Task to carry out: A verbatim reproduction of the lines below, from the line containing "From Stdlib Require Import Reals Lra Lia." through the line containing "power series [V]", both ends included, is the whole required output.

□ □ □ □

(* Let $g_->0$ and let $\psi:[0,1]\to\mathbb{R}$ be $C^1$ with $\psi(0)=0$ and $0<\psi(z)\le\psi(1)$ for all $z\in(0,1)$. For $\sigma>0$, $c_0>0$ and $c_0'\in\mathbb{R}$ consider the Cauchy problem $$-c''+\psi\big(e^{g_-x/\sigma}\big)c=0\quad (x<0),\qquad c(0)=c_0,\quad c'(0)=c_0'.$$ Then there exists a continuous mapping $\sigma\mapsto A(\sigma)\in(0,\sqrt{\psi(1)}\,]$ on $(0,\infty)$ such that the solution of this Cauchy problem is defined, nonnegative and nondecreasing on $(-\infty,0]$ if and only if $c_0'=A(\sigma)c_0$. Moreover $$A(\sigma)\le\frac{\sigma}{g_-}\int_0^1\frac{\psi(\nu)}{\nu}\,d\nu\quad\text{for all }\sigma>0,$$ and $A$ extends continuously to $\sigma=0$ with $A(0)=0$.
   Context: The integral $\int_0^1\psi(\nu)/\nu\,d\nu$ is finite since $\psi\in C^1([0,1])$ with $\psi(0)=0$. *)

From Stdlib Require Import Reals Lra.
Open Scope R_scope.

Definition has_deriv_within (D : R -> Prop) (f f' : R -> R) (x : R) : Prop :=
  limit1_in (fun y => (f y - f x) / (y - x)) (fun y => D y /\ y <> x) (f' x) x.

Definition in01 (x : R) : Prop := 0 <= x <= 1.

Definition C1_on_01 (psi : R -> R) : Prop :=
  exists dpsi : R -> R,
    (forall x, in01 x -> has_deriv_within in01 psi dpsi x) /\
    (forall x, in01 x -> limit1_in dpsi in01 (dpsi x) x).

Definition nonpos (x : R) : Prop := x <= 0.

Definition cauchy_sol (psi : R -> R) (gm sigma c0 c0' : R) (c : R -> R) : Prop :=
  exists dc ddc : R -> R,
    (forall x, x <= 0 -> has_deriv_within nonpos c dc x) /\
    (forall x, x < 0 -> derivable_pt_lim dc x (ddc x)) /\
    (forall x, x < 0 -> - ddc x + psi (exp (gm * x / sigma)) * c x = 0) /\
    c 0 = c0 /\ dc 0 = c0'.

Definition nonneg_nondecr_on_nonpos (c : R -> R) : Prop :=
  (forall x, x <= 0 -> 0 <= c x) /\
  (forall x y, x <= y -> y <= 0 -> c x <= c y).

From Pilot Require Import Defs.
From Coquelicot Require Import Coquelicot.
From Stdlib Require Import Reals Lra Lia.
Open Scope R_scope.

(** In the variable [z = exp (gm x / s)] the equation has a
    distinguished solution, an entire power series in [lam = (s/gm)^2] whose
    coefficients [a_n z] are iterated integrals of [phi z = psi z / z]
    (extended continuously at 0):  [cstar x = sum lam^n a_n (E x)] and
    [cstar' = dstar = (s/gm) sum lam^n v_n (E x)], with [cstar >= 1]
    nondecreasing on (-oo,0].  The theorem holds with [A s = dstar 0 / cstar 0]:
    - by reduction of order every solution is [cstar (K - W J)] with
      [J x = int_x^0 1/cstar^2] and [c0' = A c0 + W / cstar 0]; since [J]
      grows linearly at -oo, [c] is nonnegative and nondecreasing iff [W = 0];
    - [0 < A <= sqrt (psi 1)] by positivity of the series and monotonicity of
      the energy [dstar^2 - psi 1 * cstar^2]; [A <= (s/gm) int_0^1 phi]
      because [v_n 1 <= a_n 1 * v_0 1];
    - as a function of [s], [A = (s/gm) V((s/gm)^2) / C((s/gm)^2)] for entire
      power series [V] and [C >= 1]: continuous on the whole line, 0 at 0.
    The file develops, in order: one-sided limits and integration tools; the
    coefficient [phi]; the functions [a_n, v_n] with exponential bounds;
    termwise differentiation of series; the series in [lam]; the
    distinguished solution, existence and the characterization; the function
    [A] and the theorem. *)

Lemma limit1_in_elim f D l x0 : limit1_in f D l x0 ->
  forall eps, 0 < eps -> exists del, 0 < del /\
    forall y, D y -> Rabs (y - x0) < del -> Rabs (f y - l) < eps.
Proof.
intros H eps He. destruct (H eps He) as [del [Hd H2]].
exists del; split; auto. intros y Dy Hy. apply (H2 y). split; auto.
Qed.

□ □ □ □

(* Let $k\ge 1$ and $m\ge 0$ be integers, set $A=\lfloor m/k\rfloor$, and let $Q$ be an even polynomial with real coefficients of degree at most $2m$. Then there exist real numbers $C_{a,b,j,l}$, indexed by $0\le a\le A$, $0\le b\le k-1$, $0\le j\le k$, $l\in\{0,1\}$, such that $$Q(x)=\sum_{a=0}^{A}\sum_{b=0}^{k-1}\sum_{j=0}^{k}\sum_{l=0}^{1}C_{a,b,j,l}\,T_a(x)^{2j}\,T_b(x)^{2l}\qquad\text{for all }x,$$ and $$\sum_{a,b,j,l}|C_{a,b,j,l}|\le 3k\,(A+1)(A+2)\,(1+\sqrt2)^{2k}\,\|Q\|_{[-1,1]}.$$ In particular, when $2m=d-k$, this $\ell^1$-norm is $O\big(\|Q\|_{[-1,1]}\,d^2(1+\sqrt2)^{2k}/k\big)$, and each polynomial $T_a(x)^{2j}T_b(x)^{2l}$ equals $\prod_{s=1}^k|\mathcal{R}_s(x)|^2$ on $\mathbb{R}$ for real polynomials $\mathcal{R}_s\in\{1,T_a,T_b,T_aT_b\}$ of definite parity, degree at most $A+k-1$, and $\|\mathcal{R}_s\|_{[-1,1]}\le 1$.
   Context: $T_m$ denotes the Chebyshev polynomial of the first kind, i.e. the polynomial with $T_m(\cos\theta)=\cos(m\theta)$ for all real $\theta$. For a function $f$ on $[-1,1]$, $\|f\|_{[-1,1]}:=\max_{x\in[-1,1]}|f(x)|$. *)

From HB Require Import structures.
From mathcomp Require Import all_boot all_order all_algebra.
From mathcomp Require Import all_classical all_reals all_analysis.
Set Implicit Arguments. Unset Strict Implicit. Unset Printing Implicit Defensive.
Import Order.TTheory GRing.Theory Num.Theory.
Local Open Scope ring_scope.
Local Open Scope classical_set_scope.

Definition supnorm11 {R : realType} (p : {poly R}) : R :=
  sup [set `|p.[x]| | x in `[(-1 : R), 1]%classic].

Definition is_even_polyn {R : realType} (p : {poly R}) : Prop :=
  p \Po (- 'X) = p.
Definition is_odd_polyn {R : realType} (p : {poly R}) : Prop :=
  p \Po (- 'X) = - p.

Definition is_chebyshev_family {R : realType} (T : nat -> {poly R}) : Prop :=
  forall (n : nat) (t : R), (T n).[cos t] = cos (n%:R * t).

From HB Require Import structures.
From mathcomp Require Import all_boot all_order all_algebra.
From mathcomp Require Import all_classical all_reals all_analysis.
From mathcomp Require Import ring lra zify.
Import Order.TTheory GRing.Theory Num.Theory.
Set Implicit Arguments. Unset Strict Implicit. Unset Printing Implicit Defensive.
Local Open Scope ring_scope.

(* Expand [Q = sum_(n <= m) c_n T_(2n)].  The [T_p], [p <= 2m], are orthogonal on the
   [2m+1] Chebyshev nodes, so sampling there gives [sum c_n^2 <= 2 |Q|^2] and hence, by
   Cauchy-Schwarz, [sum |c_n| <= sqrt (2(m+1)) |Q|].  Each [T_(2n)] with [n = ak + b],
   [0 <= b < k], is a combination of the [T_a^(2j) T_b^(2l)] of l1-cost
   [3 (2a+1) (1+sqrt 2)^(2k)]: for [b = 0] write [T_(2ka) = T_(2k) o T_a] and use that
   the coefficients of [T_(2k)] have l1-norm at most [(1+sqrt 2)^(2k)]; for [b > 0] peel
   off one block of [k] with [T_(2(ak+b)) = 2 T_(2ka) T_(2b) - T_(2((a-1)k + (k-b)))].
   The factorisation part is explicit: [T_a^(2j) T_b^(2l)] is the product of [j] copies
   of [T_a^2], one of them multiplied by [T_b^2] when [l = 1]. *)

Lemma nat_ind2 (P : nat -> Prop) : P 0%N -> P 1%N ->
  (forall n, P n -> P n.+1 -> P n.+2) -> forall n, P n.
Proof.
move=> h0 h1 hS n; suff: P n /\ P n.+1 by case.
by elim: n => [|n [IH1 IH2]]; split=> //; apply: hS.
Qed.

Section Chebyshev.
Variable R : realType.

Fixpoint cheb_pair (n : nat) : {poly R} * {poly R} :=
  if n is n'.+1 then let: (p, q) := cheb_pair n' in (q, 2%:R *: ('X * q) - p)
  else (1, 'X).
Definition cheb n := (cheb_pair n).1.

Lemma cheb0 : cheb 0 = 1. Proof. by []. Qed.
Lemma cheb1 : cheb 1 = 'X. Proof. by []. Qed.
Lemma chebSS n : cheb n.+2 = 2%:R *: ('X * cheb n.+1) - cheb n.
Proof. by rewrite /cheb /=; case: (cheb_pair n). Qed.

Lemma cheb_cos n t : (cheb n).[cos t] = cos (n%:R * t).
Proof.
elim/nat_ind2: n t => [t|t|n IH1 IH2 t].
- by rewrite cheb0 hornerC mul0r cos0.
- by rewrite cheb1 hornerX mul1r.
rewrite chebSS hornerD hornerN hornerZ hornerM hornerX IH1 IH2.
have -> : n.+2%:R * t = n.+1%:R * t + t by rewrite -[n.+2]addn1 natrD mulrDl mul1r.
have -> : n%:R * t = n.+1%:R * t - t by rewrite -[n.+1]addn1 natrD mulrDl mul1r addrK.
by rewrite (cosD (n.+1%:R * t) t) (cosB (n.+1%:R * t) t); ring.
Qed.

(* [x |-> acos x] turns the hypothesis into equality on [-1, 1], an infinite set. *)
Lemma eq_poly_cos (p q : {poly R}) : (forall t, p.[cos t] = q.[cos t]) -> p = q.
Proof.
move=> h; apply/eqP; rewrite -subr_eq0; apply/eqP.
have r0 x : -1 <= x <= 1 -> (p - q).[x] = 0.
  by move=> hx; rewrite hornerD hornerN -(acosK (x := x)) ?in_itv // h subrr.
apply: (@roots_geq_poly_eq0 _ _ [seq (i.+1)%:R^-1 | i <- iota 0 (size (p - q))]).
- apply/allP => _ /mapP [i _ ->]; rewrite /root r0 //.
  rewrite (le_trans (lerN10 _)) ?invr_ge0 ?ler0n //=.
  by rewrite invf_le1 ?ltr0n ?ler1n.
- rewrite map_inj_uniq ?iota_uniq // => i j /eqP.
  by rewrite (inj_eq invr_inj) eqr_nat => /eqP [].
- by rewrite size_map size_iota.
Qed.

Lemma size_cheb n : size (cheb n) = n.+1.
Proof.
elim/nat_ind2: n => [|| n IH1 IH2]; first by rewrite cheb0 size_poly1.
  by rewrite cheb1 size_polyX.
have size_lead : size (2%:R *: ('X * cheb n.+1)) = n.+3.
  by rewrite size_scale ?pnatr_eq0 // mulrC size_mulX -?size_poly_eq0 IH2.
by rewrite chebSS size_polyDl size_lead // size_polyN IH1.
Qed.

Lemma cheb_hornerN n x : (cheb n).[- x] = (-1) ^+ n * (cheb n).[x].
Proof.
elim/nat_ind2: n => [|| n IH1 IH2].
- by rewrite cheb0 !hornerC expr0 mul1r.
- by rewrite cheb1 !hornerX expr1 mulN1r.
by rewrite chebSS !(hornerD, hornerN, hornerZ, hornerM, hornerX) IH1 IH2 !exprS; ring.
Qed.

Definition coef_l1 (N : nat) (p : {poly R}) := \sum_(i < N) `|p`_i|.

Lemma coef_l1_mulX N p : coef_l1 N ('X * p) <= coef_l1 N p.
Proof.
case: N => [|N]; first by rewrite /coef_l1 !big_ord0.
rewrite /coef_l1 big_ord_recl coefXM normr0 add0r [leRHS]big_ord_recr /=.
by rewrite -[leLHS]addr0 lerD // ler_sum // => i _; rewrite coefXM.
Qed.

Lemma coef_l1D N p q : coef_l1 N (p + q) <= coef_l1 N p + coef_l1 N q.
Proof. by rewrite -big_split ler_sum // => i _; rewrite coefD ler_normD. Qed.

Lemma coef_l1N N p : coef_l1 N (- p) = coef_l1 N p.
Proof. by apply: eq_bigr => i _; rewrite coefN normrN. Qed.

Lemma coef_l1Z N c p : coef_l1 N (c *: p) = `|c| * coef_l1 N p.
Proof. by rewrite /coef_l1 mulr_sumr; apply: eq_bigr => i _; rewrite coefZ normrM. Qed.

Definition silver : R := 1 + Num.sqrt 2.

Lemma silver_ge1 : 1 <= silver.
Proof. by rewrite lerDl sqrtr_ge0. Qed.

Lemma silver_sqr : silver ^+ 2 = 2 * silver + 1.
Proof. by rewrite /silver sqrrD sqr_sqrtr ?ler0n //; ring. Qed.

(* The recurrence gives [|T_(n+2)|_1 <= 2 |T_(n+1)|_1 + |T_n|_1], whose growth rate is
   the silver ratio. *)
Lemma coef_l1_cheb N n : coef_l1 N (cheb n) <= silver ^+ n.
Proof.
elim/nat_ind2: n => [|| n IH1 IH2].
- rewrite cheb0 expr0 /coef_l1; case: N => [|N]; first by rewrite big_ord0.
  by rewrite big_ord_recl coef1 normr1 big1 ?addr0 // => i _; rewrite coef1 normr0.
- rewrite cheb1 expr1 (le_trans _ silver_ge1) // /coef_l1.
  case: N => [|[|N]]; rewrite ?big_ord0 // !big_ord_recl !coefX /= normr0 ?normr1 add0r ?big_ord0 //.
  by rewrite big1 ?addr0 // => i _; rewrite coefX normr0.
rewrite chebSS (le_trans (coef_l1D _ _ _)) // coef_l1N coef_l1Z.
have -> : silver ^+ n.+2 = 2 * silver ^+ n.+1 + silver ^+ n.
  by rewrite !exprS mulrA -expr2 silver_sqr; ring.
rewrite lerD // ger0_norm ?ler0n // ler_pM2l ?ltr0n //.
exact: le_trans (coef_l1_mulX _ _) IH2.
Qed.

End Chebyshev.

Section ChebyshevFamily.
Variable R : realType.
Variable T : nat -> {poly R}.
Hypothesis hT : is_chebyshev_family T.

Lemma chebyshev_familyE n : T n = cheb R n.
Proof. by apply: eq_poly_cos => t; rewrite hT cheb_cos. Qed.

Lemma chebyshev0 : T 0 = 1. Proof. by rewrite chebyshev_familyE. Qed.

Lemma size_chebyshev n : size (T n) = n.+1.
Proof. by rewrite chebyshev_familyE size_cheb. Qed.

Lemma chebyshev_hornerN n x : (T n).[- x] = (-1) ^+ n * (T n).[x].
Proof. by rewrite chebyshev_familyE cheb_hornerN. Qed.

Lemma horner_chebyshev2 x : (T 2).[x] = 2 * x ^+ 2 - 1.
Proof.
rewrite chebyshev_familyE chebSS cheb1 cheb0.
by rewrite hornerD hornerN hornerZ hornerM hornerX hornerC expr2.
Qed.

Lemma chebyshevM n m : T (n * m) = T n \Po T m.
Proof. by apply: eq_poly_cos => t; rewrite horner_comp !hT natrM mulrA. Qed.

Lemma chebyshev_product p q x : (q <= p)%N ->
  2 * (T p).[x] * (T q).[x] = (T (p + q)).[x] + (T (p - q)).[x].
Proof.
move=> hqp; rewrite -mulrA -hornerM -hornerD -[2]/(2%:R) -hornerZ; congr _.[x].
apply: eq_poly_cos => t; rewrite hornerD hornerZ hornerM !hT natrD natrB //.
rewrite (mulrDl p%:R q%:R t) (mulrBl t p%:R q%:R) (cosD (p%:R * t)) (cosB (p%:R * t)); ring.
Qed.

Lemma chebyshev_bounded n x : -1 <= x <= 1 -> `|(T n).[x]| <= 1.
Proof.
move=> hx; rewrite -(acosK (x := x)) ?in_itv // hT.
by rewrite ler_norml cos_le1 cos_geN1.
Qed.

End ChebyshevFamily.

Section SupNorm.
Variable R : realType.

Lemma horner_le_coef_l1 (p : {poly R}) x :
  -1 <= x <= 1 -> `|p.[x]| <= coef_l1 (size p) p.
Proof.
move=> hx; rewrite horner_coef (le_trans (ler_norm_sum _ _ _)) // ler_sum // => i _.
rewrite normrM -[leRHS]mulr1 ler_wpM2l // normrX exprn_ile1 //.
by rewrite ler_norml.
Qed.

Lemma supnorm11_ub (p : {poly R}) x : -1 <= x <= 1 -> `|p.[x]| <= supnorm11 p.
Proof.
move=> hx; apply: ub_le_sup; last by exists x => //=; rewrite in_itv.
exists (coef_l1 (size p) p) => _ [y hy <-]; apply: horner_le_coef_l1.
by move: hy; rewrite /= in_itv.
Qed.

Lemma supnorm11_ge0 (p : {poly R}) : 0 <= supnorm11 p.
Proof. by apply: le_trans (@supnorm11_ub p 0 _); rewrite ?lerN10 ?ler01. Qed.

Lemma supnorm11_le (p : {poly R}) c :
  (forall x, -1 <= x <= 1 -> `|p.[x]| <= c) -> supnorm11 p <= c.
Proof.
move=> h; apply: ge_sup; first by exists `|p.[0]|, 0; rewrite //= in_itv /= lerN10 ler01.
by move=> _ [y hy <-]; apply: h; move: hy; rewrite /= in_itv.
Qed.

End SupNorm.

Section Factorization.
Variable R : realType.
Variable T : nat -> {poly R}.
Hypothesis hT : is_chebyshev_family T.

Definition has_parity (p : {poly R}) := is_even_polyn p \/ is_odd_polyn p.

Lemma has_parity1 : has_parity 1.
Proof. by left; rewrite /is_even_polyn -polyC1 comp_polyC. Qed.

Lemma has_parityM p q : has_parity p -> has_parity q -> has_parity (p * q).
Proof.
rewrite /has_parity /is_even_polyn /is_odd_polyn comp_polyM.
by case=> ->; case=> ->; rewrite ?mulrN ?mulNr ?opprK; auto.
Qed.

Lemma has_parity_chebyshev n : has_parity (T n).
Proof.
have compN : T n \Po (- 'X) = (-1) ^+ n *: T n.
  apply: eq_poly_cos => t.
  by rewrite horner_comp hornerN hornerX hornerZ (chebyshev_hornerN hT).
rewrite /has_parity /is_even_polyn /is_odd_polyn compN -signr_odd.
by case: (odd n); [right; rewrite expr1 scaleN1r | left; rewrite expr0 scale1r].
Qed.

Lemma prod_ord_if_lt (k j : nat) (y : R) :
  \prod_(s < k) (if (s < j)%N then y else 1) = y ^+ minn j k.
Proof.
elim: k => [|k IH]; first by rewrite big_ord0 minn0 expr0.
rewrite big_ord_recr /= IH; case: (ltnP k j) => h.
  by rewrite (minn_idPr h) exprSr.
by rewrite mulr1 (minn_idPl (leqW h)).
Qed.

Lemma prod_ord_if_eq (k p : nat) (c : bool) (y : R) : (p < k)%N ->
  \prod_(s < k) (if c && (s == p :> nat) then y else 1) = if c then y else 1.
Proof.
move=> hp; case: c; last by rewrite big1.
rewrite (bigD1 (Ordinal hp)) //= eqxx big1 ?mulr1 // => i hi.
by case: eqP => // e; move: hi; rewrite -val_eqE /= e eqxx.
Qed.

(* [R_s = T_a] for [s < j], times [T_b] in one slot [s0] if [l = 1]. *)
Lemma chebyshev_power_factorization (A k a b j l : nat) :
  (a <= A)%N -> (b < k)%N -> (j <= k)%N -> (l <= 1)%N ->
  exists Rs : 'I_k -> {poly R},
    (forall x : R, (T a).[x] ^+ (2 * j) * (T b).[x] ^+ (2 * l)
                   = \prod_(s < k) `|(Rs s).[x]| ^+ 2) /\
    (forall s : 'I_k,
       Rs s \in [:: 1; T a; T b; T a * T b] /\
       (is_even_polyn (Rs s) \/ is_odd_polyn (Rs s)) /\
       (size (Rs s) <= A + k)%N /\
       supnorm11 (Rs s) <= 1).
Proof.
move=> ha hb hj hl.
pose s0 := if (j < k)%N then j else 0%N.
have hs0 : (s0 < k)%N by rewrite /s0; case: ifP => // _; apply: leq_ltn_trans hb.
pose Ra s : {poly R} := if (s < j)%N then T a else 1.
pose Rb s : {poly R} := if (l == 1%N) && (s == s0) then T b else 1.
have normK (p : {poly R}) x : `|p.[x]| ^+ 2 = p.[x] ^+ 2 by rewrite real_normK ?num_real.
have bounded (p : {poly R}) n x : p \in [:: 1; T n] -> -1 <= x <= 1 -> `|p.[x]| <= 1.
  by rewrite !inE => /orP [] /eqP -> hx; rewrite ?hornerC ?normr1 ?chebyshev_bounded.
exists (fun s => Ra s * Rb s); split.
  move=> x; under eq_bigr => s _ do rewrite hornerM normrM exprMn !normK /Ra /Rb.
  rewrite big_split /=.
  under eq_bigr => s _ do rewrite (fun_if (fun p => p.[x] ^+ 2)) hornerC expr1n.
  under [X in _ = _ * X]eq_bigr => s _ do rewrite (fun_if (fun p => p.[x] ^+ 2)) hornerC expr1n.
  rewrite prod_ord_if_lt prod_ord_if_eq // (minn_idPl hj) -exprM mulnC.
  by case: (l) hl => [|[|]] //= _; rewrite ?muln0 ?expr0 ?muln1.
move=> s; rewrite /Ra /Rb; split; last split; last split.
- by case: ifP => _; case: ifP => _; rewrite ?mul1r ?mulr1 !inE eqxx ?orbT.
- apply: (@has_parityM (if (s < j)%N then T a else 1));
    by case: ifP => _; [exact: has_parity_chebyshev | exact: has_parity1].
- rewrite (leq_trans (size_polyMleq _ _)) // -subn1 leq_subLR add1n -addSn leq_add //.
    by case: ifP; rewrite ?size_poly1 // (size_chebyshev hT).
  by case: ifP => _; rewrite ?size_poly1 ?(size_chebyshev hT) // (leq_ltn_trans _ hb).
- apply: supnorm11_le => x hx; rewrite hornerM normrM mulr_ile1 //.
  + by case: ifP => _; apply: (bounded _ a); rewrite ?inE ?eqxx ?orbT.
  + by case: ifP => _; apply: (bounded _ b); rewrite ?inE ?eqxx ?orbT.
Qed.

□ □ □ □

Answer space:
From Stdlib Require Import Reals Lra Lia.
Open Scope R_scope.

(** In the variable [z = exp (gm x / s)] the equation has a
    distinguished solution, an entire power series in [lam = (s/gm)^2] whose
    coefficients [a_n z] are iterated integrals of [phi z = psi z / z]
    (extended continuously at 0):  [cstar x = sum lam^n a_n (E x)] and
    [cstar' = dstar = (s/gm) sum lam^n v_n (E x)], with [cstar >= 1]
    nondecreasing on (-oo,0].  The theorem holds with [A s = dstar 0 / cstar 0]:
    - by reduction of order every solution is [cstar (K - W J)] with
      [J x = int_x^0 1/cstar^2] and [c0' = A c0 + W / cstar 0]; since [J]
      grows linearly at -oo, [c] is nonnegative and nondecreasing iff [W = 0];
    - [0 < A <= sqrt (psi 1)] by positivity of the series and monotonicity of
      the energy [dstar^2 - psi 1 * cstar^2]; [A <= (s/gm) int_0^1 phi]
      because [v_n 1 <= a_n 1 * v_0 1];
    - as a function of [s], [A = (s/gm) V((s/gm)^2) / C((s/gm)^2)] for entire
      power series [V] and [C >= 1]: continuous on the whole line, 0 at 0.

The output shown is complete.